Unnamed: 0,bacon,beans,beautiful,blue,breakfast,brown,dog,eggs,fox,green,ham,jumps,kings,lazy,love,quick,sausages,sky,toast,today
0,0.0,0.0,0.0,0.0,0.0,0.0,0.0,0.0,0.0,0.63,0.0,0.0,0.0,0.0,0.0,0.0,0.0,0.46,0.0,0.63


Use `fit_transform(...)` function to build a feature matrix on all documents in your corpus. This typically becomes the training feature set on which you build and train your predictive or other machine learning models. Once ready, leverage the `transform()` function to generate feature vectors of new documents. This can then be fed into your trained models to generate insights as needed.

### Document Similarity
Document similarity is the process of using a distance or similarity based metric that can identify how similar a text document is to any other document(s) based on features extracted from the documents, like `Bag of Words` or `TF-IDF`. Thus you can see that we can build on top of the TF-IDF-based features and use them to generate new features. Domains such as search engines, document clustering, and information retrieval can be leveraged using these similarity based features.

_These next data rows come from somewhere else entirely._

Lemma onto_card_inj_in (T : finType) (S : {set T}) (f : T -> nat) (m : nat) :
    #|S| <= m -> (forall x, 0 < x <= m -> exists2 p, p \in S & f p = x) ->
  {in S &, injective f}.
Proof.
move=> card_S f_onto.
pose g p : 'I_m.+1 := inord (f p).
have g_onto : [set~ ord0] \subset g @: S.
  apply/subsetP=> y; rewrite !inE -lt0n => y_gt0.
  have /f_onto[p Sp fp] : 0 < y <= m by rewrite y_gt0 -ltnS /=.
  by apply/imsetP; exists p; rewrite // /g fp inord_val.
have /imset_injP g_inj : #|g @: S| == #|S|.
  rewrite eqn_leq leq_imset_card (leq_trans card_S) //.
  by move: (subset_leq_card g_onto); rewrite cardsC1 card_ord.
by move=> p q Sp Sq fpq; apply: g_inj; rewrite // /g fpq.
Qed.

Lemma card_filled_cells n k (A : parray n) :
    (forall i, #|[set j | filled (A i j)]| = k) ->
  #|[set p : 'I_n * 'I_n | filled (A p.1 p.2)]| = n * k.
Proof.
move=> row_card; rewrite -sum1_card big_mkcond /=.
under eq_bigr do rewrite inE.
rewrite -(pair_bigA _ (fun i j => if filled (A i j) then 1 else 0)) /=.
rewrite (eq_bigr (fun=> k)) => [|i _]; first by rewrite sum_nat_const card_ord.
by rewrite -(row_card i) -sum1_card [RHS]big_mkcond; apply: eq_bigr => j _; rewrite inE.
Qed.

Ltac case_ifs := repeat match goal with
  | |- context [if ?b then _ else _] => let E := fresh "E" in case E: b
  | H : context [if ?b then _ else _] |- _ => let E := fresh "E" in case E: b in H
  end.

Definition pack (b : bool) (x : nat) : nat := b + x.*2.

Lemma pack_half b x : (pack b x)./2 = x. Proof. exact: half_bit_double. Qed.
Lemma pack_odd b x : odd (pack b x) = b.
Proof. by rewrite /pack oddD odd_double addbF; case: b. Qed.
Lemma pack_odd_half i : pack (odd i) i./2 = i. Proof. exact: odd_double_half. Qed.

Lemma some_abs_eq (c : option int) (x : nat) :
  (c == Some (Posz x)) || (c == Some (- Posz x)%R) = filled c && (`|cellv c|%N == x).
Proof. by case: c => [v|] //=; rewrite !(inj_eq (@Some_inj _)); apply/idP/idP; lia. Qed.

Section Construction.

Variable h : nat.
Hypothesis h_gt2 : 2 < h.

(* Cyclic arithmetic on [0, h), for arguments already in range. *)
Definition cdiff (I J : nat) : nat := if I <= J then J - I else J + h - I.
Definition cadd (I d : nat) : nat := if I + d < h then I + d else I + d - h.
Definition csub (J d : nat) : nat := if d <= J then J - d else J + h - d.

Lemma cadd_lt I d : I < h -> d < h -> cadd I d < h.
Proof. rewrite /cadd; case_ifs; lia. Qed.
Lemma csub_lt J d : J < h -> d < h -> csub J d < h.
Proof. rewrite /csub; case_ifs; lia. Qed.

(* [entry0 I r], [entry1 I r c] and [entry2 J r c] are the entries at position
   (r, c) of the blocks (I, I), (I, I + 1) and (J - 2, J). *)
Definition entry0 (I : nat) (r : bool) : int :=
  if r then (Posz (5 * h) - Posz I)%R else Posz (6 * h + 1 + I).

Definition entry1 (I : nat) (r c : bool) : int :=
  match r, c with
  | false, false => (- Posz (2 + 2 * I))%R
  | false, true => (Posz I - Posz (6 * h))%R
  | true, false => Posz (1 + 2 * I)
  | true, true => (- Posz (7 * h + 1 + I))%R
  end.

Definition entry2 (J : nat) (r c : bool) : int :=
  match r, c with
  | false, false => (Posz (4 * h) - Posz (2 * J))%R
  | false, true => (Posz (1 + 2 * J) - Posz (4 * h))%R
  | true, false => (Posz J - Posz (10 * h))%R
  | true, true => (- Posz (8 * h + 1 + J))%R
  end.

Definition block_entry (I J : nat) (r c : bool) : option int :=
  let D := cdiff I J in
  if D == 0 then (if r == c then Some (entry0 I r) else None)
  else if D == 1 then Some (entry1 I r c)
  else if D == 2 then Some (entry2 J r c)
  else None.

Definition heffter_array : parray h.*2 :=
  fun i j => block_entry i./2 j./2 (odd i) (odd j).

Lemma cdiff_cadd I d : I < h -> d < h -> cdiff I (cadd I d) = d.
Proof. rewrite /cdiff /cadd; case_ifs; lia. Qed.

Lemma cdiff_csub J d : J < h -> d < h -> cdiff (csub J d) J = d.
Proof. rewrite /cdiff /csub; case_ifs; lia. Qed.

Lemma block_entry_diag0 I r : block_entry I I r r = Some (entry0 I r).
Proof. by rewrite /block_entry /cdiff leqnn subnn /= eqxx. Qed.

Lemma block_entry_diag1 I r c : I < h -> block_entry I (cadd I 1) r c = Some (entry1 I r c).
Proof. by move=> ltIh; rewrite /block_entry (cdiff_cadd ltIh (ltnW h_gt2)). Qed.

Lemma block_entry_diag2 I r c :
  I < h -> block_entry I (cadd I 2) r c = Some (entry2 (cadd I 2) r c).
Proof. by move=> ltIh; rewrite /block_entry (cdiff_cadd ltIh h_gt2). Qed.

Lemma block_entry_codiag1 J r c :
  J < h -> block_entry (csub J 1) J r c = Some (entry1 (csub J 1) r c).
Proof. by move=> ltJh; rewrite /block_entry (cdiff_csub ltJh (ltnW h_gt2)). Qed.

Lemma block_entry_codiag2 J r c : J < h -> block_entry (csub J 2) J r c = Some (entry2 J r c).
Proof. by move=> ltJh; rewrite /block_entry (cdiff_csub ltJh h_gt2). Qed.

Definition row_support (I : nat) (r : bool) : seq nat :=
  [:: pack r I; pack false (cadd I 1); pack true (cadd I 1);
      pack false (cadd I 2); pack true (cadd I 2)].

Definition col_support (J : nat) (c : bool) : seq nat :=
  [:: pack c J; pack false (csub J 1); pack true (csub J 1);
      pack false (csub J 2); pack true (csub J 2)].

Lemma row_support_uniq I r : I < h -> uniq (row_support I r).
Proof. by move=> ltIh; rewrite /row_support /cadd /pack /= !inE; case: r; case_ifs; lia. Qed.

Lemma col_support_uniq J c : J < h -> uniq (col_support J c).
Proof. by move=> ltJh; rewrite /col_support /csub /pack /= !inE; case: c; case_ifs; lia. Qed.

Lemma row_support_lt I r : I < h -> all (fun j => j < h.*2) (row_support I r).
Proof. by move=> ltIh; rewrite /row_support /cadd /pack /=; case: r; case_ifs; lia. Qed.

Lemma col_support_lt J c : J < h -> all (fun i => i < h.*2) (col_support J c).
Proof. by move=> ltJh; rewrite /col_support /csub /pack /=; case: c; case_ifs; lia. Qed.

Lemma block_entry_row_support I J r c :
  I < h -> J < h -> filled (block_entry I J r c) -> pack c J \in row_support I r.
Proof.
move=> ltIh ltJh; rewrite /filled /block_entry /cdiff /row_support /cadd /pack !inE.
by case: r; case: c => /=; case_ifs => //; lia.
Qed.

Lemma block_entry_col_support I J r c :
  I < h -> J < h -> filled (block_entry I J r c) -> pack r I \in col_support J c.
Proof.
move=> ltIh ltJh; rewrite /filled /block_entry /cdiff /col_support /csub /pack !inE.
by case: r; case: c => /=; case_ifs => //; lia.
Qed.

Definition row_entries (I : nat) (r : bool) : seq (option int) :=
  [:: Some (entry0 I r); Some (entry1 I r false); Some (entry1 I r true);
      Some (entry2 (cadd I 2) r false); Some (entry2 (cadd I 2) r true)].

Definition col_entries (J : nat) (c : bool) : seq (option int) :=
  [:: Some (entry0 J c); Some (entry1 (csub J 1) false c); Some (entry1 (csub J 1) true c);
      Some (entry2 J false c); Some (entry2 J true c)].

Lemma row_support_entries I r : I < h ->
  [seq block_entry I j./2 r (odd j) | j <- row_support I r] = row_entries I r.
Proof.
move=> ltIh; rewrite /row_support !map_cons !pack_half !pack_odd block_entry_diag0.
by rewrite !block_entry_diag1 ?block_entry_diag2.
Qed.

Lemma col_support_entries J c : J < h ->
  [seq block_entry i./2 J (odd i) c | i <- col_support J c] = col_entries J c.
Proof.
move=> ltJh; rewrite /col_support !map_cons !pack_half !pack_odd block_entry_diag0.
by rewrite !block_entry_codiag1 ?block_entry_codiag2.
Qed.

Lemma row_big (R : Type) (idx : R) (op : Monoid.com_law idx) (phi : option int -> R) I r :
  phi None = idx -> I < h ->
  \big[op/idx]_(j < h.*2) phi (block_entry I j./2 r (odd j)) =
  \big[op/idx]_(e <- row_entries I r) phi e.
Proof.
move=> phi_None ltIh; rewrite -row_support_entries // big_map.
apply: big_ord_support; rewrite ?row_support_uniq ?row_support_lt //.
move=> j; rewrite -ltn_half_double => ltjh j_out.
case E: (block_entry _ _ _ _) => [v|] //.
have := @block_entry_row_support I j./2 r (odd j) ltIh ltjh.
by rewrite E pack_odd_half (negbTE j_out) => /(_ isT).
Qed.

Lemma col_big (R : Type) (idx : R) (op : Monoid.com_law idx) (phi : option int -> R) J c :
  phi None = idx -> J < h ->
  \big[op/idx]_(i < h.*2) phi (block_entry i./2 J (odd i) c) =
  \big[op/idx]_(e <- col_entries J c) phi e.
Proof.
move=> phi_None ltJh; rewrite -col_support_entries // big_map.
apply: big_ord_support; rewrite ?col_support_uniq ?col_support_lt //.
move=> i; rewrite -ltn_half_double => ltih i_out.
case E: (block_entry _ _ _ _) => [v|] //.
have := @block_entry_col_support i./2 J (odd i) c ltih ltJh.
by rewrite E pack_odd_half (negbTE i_out) => /(_ isT).
Qed.

Lemma row_entries_sum I r :
  (\sum_(e <- row_entries I r) cellv e)%R = if r then (- Posz (20 * h + 1))%R else 0%R.
Proof. by rewrite !big_cons big_nil /= /entry0 /entry1 /entry2; case: r; lia. Qed.

Lemma col_entries_sum J c :
  (\sum_(e <- col_entries J c) cellv e)%R = if c then (- Posz (20 * h + 1))%R else 0%R.
Proof. by rewrite !big_cons big_nil /= /entry0 /entry1 /entry2; case: c; lia. Qed.

Lemma block_entry_abs_range I J r c v :
  I < h -> J < h -> block_entry I J r c = Some v -> 0 < `|v|%N <= 10 * h.
Proof.
move=> ltIh ltJh; rewrite /block_entry /cdiff.
by case: r; case: c => /=; case_ifs => //= -[<-]; rewrite /entry0 /entry1 /entry2; lia.
Qed.

Lemma entry0_abs_cover x :
  4 * h < x <= 5 * h \/ 6 * h < x <= 7 * h -> exists I r, I < h /\ `|entry0 I r|%N = x.
Proof.
by case=> x_range; [exists (5 * h - x), true | exists (x - 6 * h - 1), false];
  rewrite /entry0; lia.
Qed.

Lemma entry1_abs_cover x :
    0 < x <= 2 * h \/ 5 * h < x <= 6 * h \/ 7 * h < x <= 8 * h ->
  exists I r c, I < h /\ `|entry1 I r c|%N = x.
Proof.
case=> [x_range|[x_range|x_range]].
- move: (odd_double_half x); case: (odd x) => /= x_eq.
    by exists x./2, true, false; rewrite /entry1; lia.
  by exists x./2.-1, false, false; rewrite /entry1; lia.
- by exists (6 * h - x), false, true; rewrite /entry1; lia.
- by exists (x - 7 * h - 1), true, true; rewrite /entry1; lia.
Qed.

Lemma entry2_abs_cover x :
    2 * h < x <= 4 * h \/ 8 * h < x <= 9 * h \/ 9 * h < x <= 10 * h ->
  exists J r c, J < h /\ `|entry2 J r c|%N = x.
Proof.
case=> [x_range|[x_range|x_range]].
- move: (odd_double_half x); case: (odd x) => /= x_eq.
    by exists (2 * h - 1 - x./2), false, true; rewrite /entry2; lia.
  by exists (2 * h - x./2), false, false; rewrite /entry2; lia.
- by exists (x - 8 * h - 1), true, true; rewrite /entry2; lia.
- by exists (10 * h - x), true, false; rewrite /entry2; lia.
Qed.

Lemma block_entry_abs_cover x : 0 < x <= 10 * h ->
  exists I J r c, [/\ I < h, J < h & omap absz (block_entry I J r c) = Some x].
Proof.
move=> x_range.
have [/entry0_abs_cover|[/entry1_abs_cover|/entry2_abs_cover]] :
    (4 * h < x <= 5 * h \/ 6 * h < x <= 7 * h) \/
    (0 < x <= 2 * h \/ 5 * h < x <= 6 * h \/ 7 * h < x <= 8 * h) \/
    (2 * h < x <= 4 * h \/ 8 * h < x <= 9 * h \/ 9 * h < x <= 10 * h) by lia.
- move=> [I [r [ltIh <-]]].
  by exists I, I, r, r; rewrite block_entry_diag0.
- move=> [I [r [c [ltIh <-]]]].
  exists I, (cadd I 1), r, c; split=> //; last by rewrite block_entry_diag1.
  exact: cadd_lt (ltnW h_gt2).
- move=> [J [r [c [ltJh <-]]]].
  exists (csub J 2), J, r, c; split=> //; last by rewrite block_entry_codiag2.
  exact: csub_lt h_gt2.
Qed.

Lemma half_ord_lt (i : 'I_h.*2) : i./2 < h.
Proof. by rewrite ltn_half_double. Qed.

Lemma pack_ord_lt b I : I < h -> pack b I < h.*2.
Proof. by rewrite -ltn_half_double pack_half. Qed.

Lemma heffter_row_card i : #|[set j | filled (heffter_array i j)]| = 5.
Proof.
rewrite -sum1_card big_mkcond /=; under eq_bigr do rewrite inE.
rewrite (@row_big _ _ _ (fun e => if filled e then 1 else 0)) ?half_ord_lt //.
by rewrite !big_cons big_nil.
Qed.

Lemma heffter_col_card j : #|[set i | filled (heffter_array i j)]| = 5.
Proof.
rewrite -sum1_card big_mkcond /=; under eq_bigr do rewrite inE.
rewrite (@col_big _ _ _ (fun e => if filled e then 1 else 0)) ?half_ord_lt //.
by rewrite !big_cons big_nil.
Qed.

Pairwise document similarity in a corpus involves computing document similarity for each pair of documents in a corpus. Thus, if you have `C` documents in a corpus, you would end up with a `C x C` matrix, such that each row and column represents the similarity score for a pair of documents. This represents the indices at the row and column, respectively. There are several similarity and distance metrics that are used to compute document similarity. These include cosine distance/similarity, Euclidean distance, manhattan distance, BM25 similarity, jaccard distance, and so on. In this notebook, we use the most popular and widely used similarity metrics—cosine similarity and compare pairwise document similarity—based on their TF-IDF feature vectors.

In [22]:
from sklearn.metrics.pairwise import cosine_similarity
similarity_matrix = cosine_similarity(tv_matrix)
similarity_df = pd.DataFrame(similarity_matrix)
similarity_df

Unnamed: 0,0,1,2,3,4,5,6,7
0,1.0,0.820599,0.0,0.0,0.0,0.192353,0.817246,0.0
1,0.820599,1.0,0.0,0.0,0.225489,0.157845,0.670631,0.0
2,0.0,0.0,1.0,0.0,0.0,0.791821,0.0,0.850516
3,0.0,0.0,0.0,1.0,0.506866,0.0,0.0,0.0
4,0.0,0.225489,0.0,0.506866,1.0,0.0,0.0,0.0
5,0.192353,0.157845,0.791821,0.0,0.0,1.0,0.115488,0.930989
6,0.817246,0.670631,0.0,0.0,0.0,0.115488,1.0,0.0
7,0.0,0.0,0.850516,0.0,0.0,0.930989,0.0,1.0


Cosine similarity gives us a metric representing the cosine of the angle between the feature vector representations of two text documents. The smaller the angle between the documents, the closer and more similar they are.
* angle close to 0, cosine similarity score close to 1, vector u and vectro v are very simular to each other
* angle close to 90, cosine similarity score close to 0, vector u and vectro v are not similar to each other
* angle close to 180, cosine similarity score close to -1, vector u and vectro v are unrelated and in opposite orientation to each other

Documents `0`, `1`, and `6` and `2`, `5`, and `7` are very similar to one another, whereas documents 3 and 4 are slightly similar to each other. This must indicate these similar documents have some similar features. This is a perfect example of grouping or clustering that can be solved by unsupervised learning, especially when you are dealing with huge corpora of millions of text documents.